[Items from a dataset]
================
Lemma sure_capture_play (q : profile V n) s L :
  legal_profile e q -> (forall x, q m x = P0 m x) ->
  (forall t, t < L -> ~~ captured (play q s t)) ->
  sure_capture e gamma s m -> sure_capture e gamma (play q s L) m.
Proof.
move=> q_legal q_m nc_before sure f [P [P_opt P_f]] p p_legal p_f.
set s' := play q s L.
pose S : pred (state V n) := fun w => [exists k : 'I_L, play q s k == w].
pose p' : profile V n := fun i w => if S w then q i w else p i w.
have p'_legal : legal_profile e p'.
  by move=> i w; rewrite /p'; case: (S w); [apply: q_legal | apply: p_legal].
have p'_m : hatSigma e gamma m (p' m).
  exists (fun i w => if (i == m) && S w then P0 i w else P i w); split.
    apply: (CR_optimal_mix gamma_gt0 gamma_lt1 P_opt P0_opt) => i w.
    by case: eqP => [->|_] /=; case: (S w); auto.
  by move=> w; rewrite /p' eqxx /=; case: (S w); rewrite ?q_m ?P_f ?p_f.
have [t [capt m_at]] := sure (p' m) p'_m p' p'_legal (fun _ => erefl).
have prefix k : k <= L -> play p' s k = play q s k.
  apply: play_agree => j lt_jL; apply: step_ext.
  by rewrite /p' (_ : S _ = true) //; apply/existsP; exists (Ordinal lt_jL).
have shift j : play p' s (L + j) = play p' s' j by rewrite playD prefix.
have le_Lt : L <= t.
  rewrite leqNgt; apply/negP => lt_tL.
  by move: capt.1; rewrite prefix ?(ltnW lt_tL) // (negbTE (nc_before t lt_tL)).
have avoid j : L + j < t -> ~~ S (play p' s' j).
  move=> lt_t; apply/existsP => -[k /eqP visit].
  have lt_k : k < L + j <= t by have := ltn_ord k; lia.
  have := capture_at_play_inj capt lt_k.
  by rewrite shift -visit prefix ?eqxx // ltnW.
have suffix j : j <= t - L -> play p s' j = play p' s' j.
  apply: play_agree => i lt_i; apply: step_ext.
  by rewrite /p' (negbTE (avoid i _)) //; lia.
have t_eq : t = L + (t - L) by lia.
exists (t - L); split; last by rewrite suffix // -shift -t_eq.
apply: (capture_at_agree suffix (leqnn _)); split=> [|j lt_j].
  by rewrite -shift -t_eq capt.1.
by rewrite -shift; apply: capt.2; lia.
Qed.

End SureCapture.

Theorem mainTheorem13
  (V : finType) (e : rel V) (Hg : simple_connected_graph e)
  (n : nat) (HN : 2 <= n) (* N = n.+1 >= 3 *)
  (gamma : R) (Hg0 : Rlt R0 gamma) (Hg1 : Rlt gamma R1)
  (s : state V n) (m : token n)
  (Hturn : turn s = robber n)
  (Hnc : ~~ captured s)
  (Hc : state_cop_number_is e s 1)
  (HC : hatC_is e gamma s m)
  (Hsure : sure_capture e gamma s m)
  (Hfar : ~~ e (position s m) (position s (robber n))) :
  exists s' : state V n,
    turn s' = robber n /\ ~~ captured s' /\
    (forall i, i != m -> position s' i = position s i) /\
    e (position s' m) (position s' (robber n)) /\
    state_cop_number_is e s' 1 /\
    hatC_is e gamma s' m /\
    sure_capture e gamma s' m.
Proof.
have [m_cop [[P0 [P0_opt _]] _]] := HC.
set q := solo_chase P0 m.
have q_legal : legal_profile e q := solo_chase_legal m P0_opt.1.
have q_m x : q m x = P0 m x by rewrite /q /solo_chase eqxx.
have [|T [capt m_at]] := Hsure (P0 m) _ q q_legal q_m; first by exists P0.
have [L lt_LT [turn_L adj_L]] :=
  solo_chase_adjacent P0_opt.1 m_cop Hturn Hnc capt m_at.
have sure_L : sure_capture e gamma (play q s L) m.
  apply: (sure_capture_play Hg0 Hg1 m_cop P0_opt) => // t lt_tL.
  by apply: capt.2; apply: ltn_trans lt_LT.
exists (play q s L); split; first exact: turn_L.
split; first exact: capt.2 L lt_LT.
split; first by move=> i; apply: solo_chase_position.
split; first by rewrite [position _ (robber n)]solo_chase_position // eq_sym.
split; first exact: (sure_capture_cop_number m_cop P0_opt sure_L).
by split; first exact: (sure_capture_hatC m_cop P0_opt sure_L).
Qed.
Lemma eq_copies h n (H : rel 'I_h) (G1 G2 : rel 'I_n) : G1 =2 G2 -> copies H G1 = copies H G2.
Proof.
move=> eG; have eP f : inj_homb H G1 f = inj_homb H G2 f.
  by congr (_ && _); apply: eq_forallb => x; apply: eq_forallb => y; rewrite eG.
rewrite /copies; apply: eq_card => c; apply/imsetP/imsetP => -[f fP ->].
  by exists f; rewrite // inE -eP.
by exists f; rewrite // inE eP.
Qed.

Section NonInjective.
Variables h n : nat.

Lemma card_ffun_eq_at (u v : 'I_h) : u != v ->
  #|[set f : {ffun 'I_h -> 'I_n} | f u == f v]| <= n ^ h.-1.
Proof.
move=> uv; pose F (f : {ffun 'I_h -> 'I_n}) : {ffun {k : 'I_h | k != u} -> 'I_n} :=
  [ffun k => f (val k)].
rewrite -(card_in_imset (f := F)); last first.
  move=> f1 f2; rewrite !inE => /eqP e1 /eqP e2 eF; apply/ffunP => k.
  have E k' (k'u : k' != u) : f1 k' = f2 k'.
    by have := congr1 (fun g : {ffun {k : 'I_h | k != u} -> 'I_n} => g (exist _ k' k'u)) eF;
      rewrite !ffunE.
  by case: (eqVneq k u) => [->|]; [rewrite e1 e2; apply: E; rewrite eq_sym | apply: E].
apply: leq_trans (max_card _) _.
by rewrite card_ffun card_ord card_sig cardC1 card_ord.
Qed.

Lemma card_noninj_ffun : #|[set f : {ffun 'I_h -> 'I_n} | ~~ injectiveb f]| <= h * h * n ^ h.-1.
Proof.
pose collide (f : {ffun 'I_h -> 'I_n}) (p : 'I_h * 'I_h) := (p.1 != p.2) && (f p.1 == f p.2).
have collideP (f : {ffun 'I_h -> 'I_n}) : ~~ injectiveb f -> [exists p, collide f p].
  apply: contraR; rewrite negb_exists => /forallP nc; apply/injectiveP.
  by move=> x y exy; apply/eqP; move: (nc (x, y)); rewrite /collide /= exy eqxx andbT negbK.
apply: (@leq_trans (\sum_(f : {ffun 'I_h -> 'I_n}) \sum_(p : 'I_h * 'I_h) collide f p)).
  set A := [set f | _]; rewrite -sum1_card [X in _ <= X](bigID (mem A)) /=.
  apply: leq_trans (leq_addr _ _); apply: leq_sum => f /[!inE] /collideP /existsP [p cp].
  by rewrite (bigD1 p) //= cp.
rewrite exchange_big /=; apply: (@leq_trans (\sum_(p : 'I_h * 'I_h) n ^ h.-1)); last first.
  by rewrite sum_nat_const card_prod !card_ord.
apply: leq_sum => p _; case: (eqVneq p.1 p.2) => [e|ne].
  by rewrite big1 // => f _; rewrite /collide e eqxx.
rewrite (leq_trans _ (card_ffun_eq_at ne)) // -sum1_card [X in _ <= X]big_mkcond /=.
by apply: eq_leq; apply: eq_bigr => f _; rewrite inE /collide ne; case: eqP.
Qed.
================
WHAT TO PRODUCE |
Copy range, inclusive: the line holding "Section NonInjective." to the line holding "move=> f1 f2;". Reproduce exactly those lines of the records above and no others.

FINAL ANSWER |
Section NonInjective.
Variables h n : nat.

Lemma card_ffun_eq_at (u v : 'I_h) : u != v ->
  #|[set f : {ffun 'I_h -> 'I_n} | f u == f v]| <= n ^ h.-1.
Proof.
move=> uv; pose F (f : {ffun 'I_h -> 'I_n}) : {ffun {k : 'I_h | k != u} -> 'I_n} :=
  [ffun k => f (val k)].
rewrite -(card_in_imset (f := F)); last first.
  move=> f1 f2; rewrite !inE => /eqP e1 /eqP e2 eF; apply/ffunP => k.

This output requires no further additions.